Once you find the line containing "case: b; rewrite ?bRT ?bRF; split=> //; lra." in the data below, copy it and each following line exactly, up to and including the line containing "by have := force_others_filled", and nothing else.

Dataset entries
┌──

(* Constraints (6) and (7), for a step filling [m] of the [n] vertices. *)
Lemma change_constraintsP (n m : nat) (b : bool) : (m <= n)%N ->
  (n%:R^-1 * m%:R - bR b <= 0 /\ bR b - m%:R <= 0 :> rat) <-> b = (m != 0%N).
Proof.
move=> mn; case: (posnP m) => [-> | m_gt0].
  by rewrite mulr0 sub0r oppr_le0 subr0 bR_le0; case: b; split=> // -[].
have n_gt0 : (0 < n)%N by apply: leq_trans mn.
have wm_le1 : n%:R^-1 * m%:R <= 1 :> rat.
  by rewrite ler_pdivrMl ?ltr0n // mulr1 ler_nat.
have wm_gt0 : 0 < n%:R^-1 * m%:R :> rat.
  by rewrite mulr_gt0 ?invr_gt0 ?ltr0n.
have m_ge1 : 1 <= m%:R :> rat by rewrite ler1n.
case: b; rewrite ?bRT ?bRF; split=> //; lra.
Qed.

Section Soundness.
Variables (V : finType) (e : rel V) (T : nat).
Variables (x : nat -> V -> bool) (y : nat -> V -> V -> bool) (z : nat -> bool).
Hypothesis feas : TSM_feasible e T x y z.

Let filled_once := proj1 feas.
Let force_from_filled := proj1 (proj2 feas).
Let force_others_filled := proj1 (proj2 (proj2 feas)).
Let fill_update := proj1 (proj2 (proj2 (proj2 feas))).
Let force_fills := proj1 (proj2 (proj2 (proj2 (proj2 feas)))).
Let change_lower := proj1 (proj2 (proj2 (proj2 (proj2 (proj2 feas))))).
Let change_upper := proj2 (proj2 (proj2 (proj2 (proj2 (proj2 feas))))).

Lemma TSM_inflow v t : (1 <= t <= T)%N ->
  inflow e y t v = bR (x t v) - bR (x t.-1 v).
Proof. by move=> tT; rewrite fill_update // addrC addKr. Qed.

Lemma TSM_mono t v : (1 <= t <= T)%N -> x t.-1 v -> x t v.
Proof.
by move=> tT xv; have := inflow_ge0 e y t v; rewrite TSM_inflow // xv subr_ge0 bR_ge1.
Qed.

Lemma TSM_prop_step t : (1 <= t <= T)%N ->
  [set v | x t v] = prop_step e [set v | x t.-1 v].
Proof.
move=> tT; apply/setP => v; rewrite /prop_step !inE.
case xv: (x t.-1 v) => /=; first exact: TSM_mono.
have inflow_v : inflow e y t v = bR (x t v) by rewrite TSM_inflow // xv subr0.
apply/idP/idP => [xtv | /existsP[u force_uv]].
  have [u euv yuv] : exists2 u, e u v & y t u v.
    by apply: inflow_neq0; rewrite inflow_v; case: (x t v) xtv.
  have xu : x t.-1 u by have := force_from_filled euv tT; rewrite yuv bR_ge1.
  apply/existsP; exists u; rewrite /can_force !inE xu xv euv /=.
  apply/forallP => w; apply/implyP => /andP[euw wv]; rewrite inE.
  by have := force_others_filled euv euw wv tT; rewrite yuv bR_ge1.
have euv : e u v by case/and4P: force_uv.
have := (force_constraintP (x t.-1) euv (inflow_ge0 e y t v)).1 (force_fills euv tT).
by rewrite inflow_v bR_ge1; apply.
Qed.

Lemma TSM_C_at t : (t <= T)%N -> [set v | x t v] = C_at e [set v | x 0 v] t.
Proof.
elim: t => [// | t IH] tT.
rewrite C_atS -IH; last exact: ltnW.
exact: (@TSM_prop_step t.+1).
Qed.

Lemma TSM_full : C_at e [set v | x 0 v] T = [set: V].
Proof.
rewrite -(TSM_C_at (leqnn T)); apply/setP => v; rewrite !inE.
have sum_inflow : \sum_(1 <= t < T.+1) inflow e y t v = bR (x T v) - bR (x 0 v).
  rewrite big_add1 /= -(telescope_sumr (fun t => bR (x t v))) //.
  by apply: eq_big_nat => t /andP[_ tT]; rewrite TSM_inflow.
by have := filled_once v; rewrite sum_inflow addrC subrK; case: (x T v).
Qed.

Lemma TSM_change t : (1 <= t <= T)%N ->
  z t = ([set v | x t v] != [set v | x t.-1 v]).
Proof.
move=> tT; have sub : [set v | x t.-1 v] \subset [set v | x t v].
  by apply/subsetP => v; rewrite !inE; apply: TSM_mono.
rewrite -(cards_subn_eq0 sub); apply/(@change_constraintsP #|V|).
  exact: leq_trans (leq_subr _ _) (max_card _).
rewrite -sum_bR_sub => [|v]; last exact: TSM_mono.
by split; [apply: change_lower | apply: change_upper].
Qed.

Lemma TSM_pt : pt_is e [set v | x 0 v] (z_sum T z).
Proof.
have [p ptp pT] := pt_is_exists TSM_full.
suff -> : z_sum T z = p by [].
rewrite -(pt_is_changes ptp pT); apply: eq_big_nat => t tT.
have /andP[_ t_le_T] := tT.
by rewrite TSM_change // -(TSM_C_at t_le_T) -(TSM_C_at (leq_trans (leq_pred t) t_le_T)).
Qed.

End Soundness.

Section Completeness.
Variables (V : finType) (e : rel V) (D : {set V}).

Definition x_of t v := v \in C_at e D t.
Definition y_of t u v := [pick w | can_force e (C_at e D t.-1) w v] == Some u.
Definition z_of t := C_at e D t != C_at e D t.-1.

Lemma x_of_set t : [set v | x_of t v] = C_at e D t.
Proof. by apply/setP => v; rewrite inE. Qed.

Lemma x_of_mono t v : x_of t.-1 v -> x_of t v.
Proof. by apply: (subsetP (C_at_leq e D (leq_pred t))). Qed.

Lemma y_of_can_force t u v : y_of t u v -> can_force e (C_at e D t.-1) u v.
Proof. by rewrite /y_of; case: pickP => [w force_wv /eqP[<-] | _]. Qed.

Lemma inflow_y_of t v : inflow e y_of t v = bR (forceable e (C_at e D t.-1) v).
Proof.
rewrite /inflow /y_of /forceable; case: pickP => [u0 force_u0 | none].
  have -> : [exists u, can_force e (C_at e D t.-1) u v] by apply/existsP; exists u0.
  have euv : e u0 v by case/and4P: force_u0.
  rewrite (bigD1 u0) //= eqxx big1 ?addr0 // => u /andP[_ ne].
  by rewrite (inj_eq Some_inj) eq_sym (negbTE ne).
have -> : [exists u, can_force e (C_at e D t.-1) u v] = false.
  by apply/negbTE/existsPn => u; rewrite none.
by rewrite big1.
Qed.

Lemma x_of_update v t : (0 < t)%N ->
  bR (x_of t v) = bR (x_of t.-1 v) + inflow e y_of t v.
Proof.
case: t => [//|t] _; rewrite inflow_y_of /x_of C_atS /prop_step /= !inE.
case: (boolP (v \in C_at e D t)) => [vX | _] /=; last by rewrite add0r.
by have := @forceable_notin _ e (C_at e D t) v; rewrite vX; case: forceable => // /(_ isT).
Qed.

Lemma x_of_force_constraint u v t : e u v ->
  bR (x_of t.-1 u) - bR (x_of t.-1 v) + \sum_(w | e u w && (w != v)) bR (x_of t.-1 w)
    <= inflow e y_of t v + (deg e u)%:R - 1.
Proof.
move=> euv; apply/(force_constraintP _ euv (inflow_ge0 _ _ _ _)).
rewrite x_of_set inflow_y_of bR_ge1 => force_uv.
by apply/existsP; exists u.
Qed.

Lemma z_of_constraints t : (0 < t)%N ->
  #|V|%:R^-1 * \sum_v (bR (x_of t v) - bR (x_of t.-1 v)) - bR (z_of t) <= 0 /\
  bR (z_of t) - \sum_v (bR (x_of t v) - bR (x_of t.-1 v)) <= 0.
Proof.
move=> t_gt0; rewrite sum_bR_sub => [|v]; last exact: x_of_mono.
apply/change_constraintsP; first exact: leq_trans (leq_subr _ _) (max_card _).
rewrite !x_of_set cards_subn_eq0 //.
exact: C_at_leq (leq_pred t).
Qed.

Lemma TSM_of_full T : C_at e D T = [set: V] -> TSM_feasible e T x_of y_of z_of.
Proof.
move=> fullT; split.
  move=> v; have step t : inflow e y_of t.+1 v = bR (x_of t.+1 v) - bR (x_of t v).
    by rewrite x_of_update // addrC addKr.
  rewrite big_add1 /= (eq_bigr _ (fun t _ => step t)) telescope_sumr //.
  by rewrite addrC subrK /x_of fullT inE.
split.
  move=> u v t _ _; apply: bR_le => /y_of_can_force; rewrite /x_of; by case/and4P.
split.
  move=> u v w t _ euw wv _; apply: bR_le => /y_of_can_force /and4P[_ _ _ /forallP /(_ w)].
  by rewrite euw wv.
split; first by move=> v t /andP[t_gt0 _]; apply: x_of_update.
split; first by move=> u v t euv _; apply: x_of_force_constraint.
split; move=> t /andP[t_gt0 _]; by have [] := z_of_constraints t_gt0.
Qed.

End Completeness.

Lemma IP_objectiveE (V : finType) T (x : nat -> V -> bool) z :
  IP_objective T x z = #|[set v | x 0%N v]|%:R + ((2 * T)%:R)^-1 * (z_sum T z)%:R.
Proof. by rewrite /IP_objective sum_bR /z_sum natr_sum. Qed.

Lemma IP_optimal_le_pt (V : finType) (e : rel V) T k x y z D q :
  IP_optimal e T k x y z -> pt_is e D q -> (q <= T)%N -> k <= q%:Z ->
  IP_objective T x z <= #|D|%:R + ((2 * T)%:R)^-1 * q%:R.
Proof.
move=> [_ opt] ptq qT kq.
have feasD : TSM_feasible e T (x_of e D) (y_of e D) (z_of e D).
  by apply: TSM_of_full; case: ptq => fullq _; apply: C_at_full fullq qT.
have zsD : z_sum T (z_of e D) = q := pt_is_changes ptq qT.
have cardD : #|D| = #|[set v | x_of e D 0 v]| by rewrite x_of_set.
rewrite -zsD cardD -IP_objectiveE.
rewrite -(ler_int rat) in kq.
by apply: (opt _ (y_of e D)); split; rewrite ?zsD.
Qed.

└──

OUTPUT BELOW.
case: b; rewrite ?bRT ?bRF; split=> //; lra.
Qed.

Section Soundness.
Variables (V : finType) (e : rel V) (T : nat).
Variables (x : nat -> V -> bool) (y : nat -> V -> V -> bool) (z : nat -> bool).
Hypothesis feas : TSM_feasible e T x y z.

Let filled_once := proj1 feas.
Let force_from_filled := proj1 (proj2 feas).
Let force_others_filled := proj1 (proj2 (proj2 feas)).
Let fill_update := proj1 (proj2 (proj2 (proj2 feas))).
Let force_fills := proj1 (proj2 (proj2 (proj2 (proj2 feas)))).
Let change_lower := proj1 (proj2 (proj2 (proj2 (proj2 (proj2 feas))))).
Let change_upper := proj2 (proj2 (proj2 (proj2 (proj2 (proj2 feas))))).

Lemma TSM_inflow v t : (1 <= t <= T)%N ->
  inflow e y t v = bR (x t v) - bR (x t.-1 v).
Proof. by move=> tT; rewrite fill_update // addrC addKr. Qed.

Lemma TSM_mono t v : (1 <= t <= T)%N -> x t.-1 v -> x t v.
Proof.
by move=> tT xv; have := inflow_ge0 e y t v; rewrite TSM_inflow // xv subr_ge0 bR_ge1.
Qed.

Lemma TSM_prop_step t : (1 <= t <= T)%N ->
  [set v | x t v] = prop_step e [set v | x t.-1 v].
Proof.
move=> tT; apply/setP => v; rewrite /prop_step !inE.
case xv: (x t.-1 v) => /=; first exact: TSM_mono.
have inflow_v : inflow e y t v = bR (x t v) by rewrite TSM_inflow // xv subr0.
apply/idP/idP => [xtv | /existsP[u force_uv]].
  have [u euv yuv] : exists2 u, e u v & y t u v.
    by apply: inflow_neq0; rewrite inflow_v; case: (x t v) xtv.
  have xu : x t.-1 u by have := force_from_filled euv tT; rewrite yuv bR_ge1.
  apply/existsP; exists u; rewrite /can_force !inE xu xv euv /=.
  apply/forallP => w; apply/implyP => /andP[euw wv]; rewrite inE.
  by have := force_others_filled euv euw wv tT; rewrite yuv bR_ge1.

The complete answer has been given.